The alternative means of compliance is the result of collaboration between Superior Air Parts, AOPA, and the FAA. It extends the replacement interval from 12 years to 17 years’ time in service for affected cylinders. In keeping with the original AD, cylinders must be replaced at engine-hour TBO and compression checks are required every 50 hours on cylinder assemblies with more than 750 flight hours. In addition, affected engines will require a visual inspection of the cylinder exterior and borescope inspection of the cylinder interior for corrosion as well as a warm-engine soapy-water-leak test every 50 hours.

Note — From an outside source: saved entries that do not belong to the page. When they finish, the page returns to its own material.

(* Let $n\ge4$ be even and let $\varphi$ be a smooth skew-morphism of $D_n$ with $\mathrm{Ker}\,\varphi=\langle a^2\rangle$ and power function $\pi$; let $k$ be the order of $\varphi$. Then there exist integers $r,s\in\{0,\dots,n/2-1\}$, $u$ with $\gcd(u,n/2)=1$, and $e,f\in\{1,\dots,k-1\}$ such that for all integers $i$: $\varphi(a^{2i})=a^{2iu}$, $\varphi(a^{2i+1})=a^{2iu+2r+1}$, $\varphi(a^{2i}b)=a^{2iu+2s}b$, $\varphi(a^{2i+1}b)=a^{2iu+2r+2s\sigma(u,e)+1}b$, and $\pi(a^{2i})\equiv1$, $\pi(a^{2i+1})\equiv e$, $\pi(a^{2i}b)\equiv f$, $\pi(a^{2i+1}b)\equiv ef\pmod k$; and the following hold: (a) $k$ is the smallest positive integer with $r\sigma(u,k)\equiv0$ and $s\sigma(u,k)\equiv0\pmod{n/2}$; (b) $\gcd(e,k)=\gcd(f,k)=1$, $e\not\equiv1$, $f\not\equiv1$, $ef\not\equiv1$, $e^2\equiv1$, $f^2\equiv1\pmod k$; (c) $u^{e-1}\equiv1$ and $u^{f-1}\equiv1\pmod{n/2}$; (d) $r\sigma(u,e-1)\equiv u-2r-1\pmod{n/2}$; (e) $s\sigma(u,f-1)\equiv0\pmod{n/2}$; (f) $r\sigma(u,f-1)+s\sigma(u,e-1)\equiv u-2r-1\pmod{n/2}$.
   Context: $D_n=\langle a,b\mid a^n=b^2=1,\ b^{-1}ab=a^{-1}\rangle$. A skew-morphism of a finite group $A$ is a permutation $\varphi$ of the set $A$ with $\varphi(1)=1$ for which there exists a function $\pi:A\to\mathbb{Z}_k$, where $k$ is the order of $\varphi$, such that $\varphi(xy)=\varphi(x)\varphi^{\pi(x)}(y)$ for all $x,y\in A$; $\pi$ is the power function. The kernel is $\mathrm{Ker}\,\varphi=\{x:\pi(x)=1\}$, and the core is $\mathrm{Core}\,\varphi=\bigcap_{i=1}^k\varphi^i(\mathrm{Ker}\,\varphi)$. $\varphi$ is smooth if $\varphi(x)\in x\,\mathrm{Core}\,\varphi$ for all $x$. For integers $u$ and $j\ge0$, $\sigma(u,j)=\sum_{i=1}^{j}u^{i-1}$ (so $\sigma(u,0)=0$). *)

From HB Require Import structures.
From mathcomp Require Import all_boot all_order all_algebra all_fingroup.
Set Implicit Arguments.
Unset Strict Implicit.
Unset Printing Implicit Defensive.
Import GRing.Theory Num.Theory.

Definition zexp (gT : finGroupType) (x : gT) (z : int) : gT :=
  match z with
  | Posz m => (x ^+ m)%g
  | Negz m => (x ^- m.+1)%g
  end.

Definition sigma (u : int) (j : nat) : int := (\sum_(i < j) u ^+ i)%R.

(* The dihedral group D_n = <a, b | a^n = b^2 = 1, b^-1 a b = a^-1>,
   realised as a group D generated by a, b satisfying the relations with
   #[a] = n, #[b] = 2 and |D| = 2n (so D is isomorphic to the presented group).
   Note: in MathComp, a ^ b = b^-1 * a * b. *)
Definition dihedral (gT : finGroupType) (D : {group gT}) (a b : gT) (n : nat)
  : Prop :=
  [/\ (D :=: <<[set a; b]>>)%g, #[a]%g = n, #[b]%g = 2,
      (a ^ b = a^-1)%g & #|D| = n.*2].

Affected owners must notify their local flight service district office of their intent to comply with the AD using the alternative means of compliance before taking action. The alternative means of compliance includes a sample notification letter to simplify the process for owners.

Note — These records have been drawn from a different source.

(* For every prime $p\ge 3$ we have $n(\mathbb{Z}_p) \le \frac{3p-1}{2}$.
   Context: For an integer $n\ge 1$, $\overleftrightarrow{K}_n$ denotes the complete digraph on $n$ vertices whose arc set consists of all ordered pairs $(x,y)$ of distinct vertices. For a set $A$, an $A$-arc-labelling of $\overleftrightarrow{K}_n$ is a function $w$ from the arc set of $\overleftrightarrow{K}_n$ to $A$. If $(A,+)$ is an Abelian group, $w$ is called zero-sum-free if there is no directed cycle (including directed cycles of length two) for which the sum of the arc-labels is $0$. For a non-trivial finite Abelian group $A$, $n(A)\ge 2$ is the smallest integer such that $\overleftrightarrow{K}_{n(A)}$ has no zero-sum-free $A$-arc-labelling. $\mathbb{Z}_p$ denotes the cyclic group of order $p$. *)

From mathcomp Require Import all_boot all_order all_algebra.
Set Implicit Arguments. Unset Strict Implicit. Unset Printing Implicit Defensive.
Import GRing.Theory.
Local Open Scope ring_scope.

(* An A-arc-labelling of the complete digraph on vertex set 'I_n: the label
   of the arc (x,y), x <> y, is w x y (values w x x are irrelevant). *)
Definition arc_labelling (A : Type) (n : nat) := 'I_n -> 'I_n -> A.

(* A directed cycle is given by a duplicate-free sequence s = [v0;...;v_{k-1}]
   of k >= 2 vertices, with arcs v0->v1, ..., v_{k-2}->v_{k-1}, v_{k-1}->v0,
   i.e. the pairs of zip s (rot 1 s). *)
Definition cycle_weight (A : zmodType) (n : nat) (w : arc_labelling A n)
  (s : seq 'I_n) : A :=
  \sum_(e <- zip s (rot 1 s)) w e.1 e.2.

Definition zero_sum_free (A : zmodType) (n : nat) (w : arc_labelling A n) :=
  forall s : seq 'I_n, (2 <= size s)%N -> uniq s -> cycle_weight w s != 0.

(* "n(A) <= m": since n(A) is the smallest integer >= 2 such that the complete
   digraph on n(A) vertices has no zero-sum-free A-arc-labelling, n(A) <= m
   holds iff some k with 2 <= k <= m has this property. *)
Definition nA_le (A : zmodType) (m : nat) :=
  exists k : nat, [/\ (2 <= k)%N, (k <= m)%N &
    forall w : arc_labelling A k, ~ zero_sum_free w].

“Everyone concerned wanted to get grounded aircraft safely flying as quickly as possible, and we appreciate the hard work of Superior and the FAA to make this happen,” said Rob Hackman, AOPA vice president of regulatory affairs, who worked closely with both groups to develop an acceptable means of compliance.
The AD that grounded aircraft with certain Continental Motors engines took effect April 25. It was first issued in 2009 and reissued in March to address FAA concerns of “separation of the cylinder head, damage to the engine, and damage to the airplane.” Affected engines include Continental Motors IO-520, TSIO-520, and IO-550 engines, and any other engine, such as the 470 series, that has a supplemental type certificate for the same cylinder assemblies as the 520 and 550 series. The AD lists the Superior Air Parts part numbers that are affected.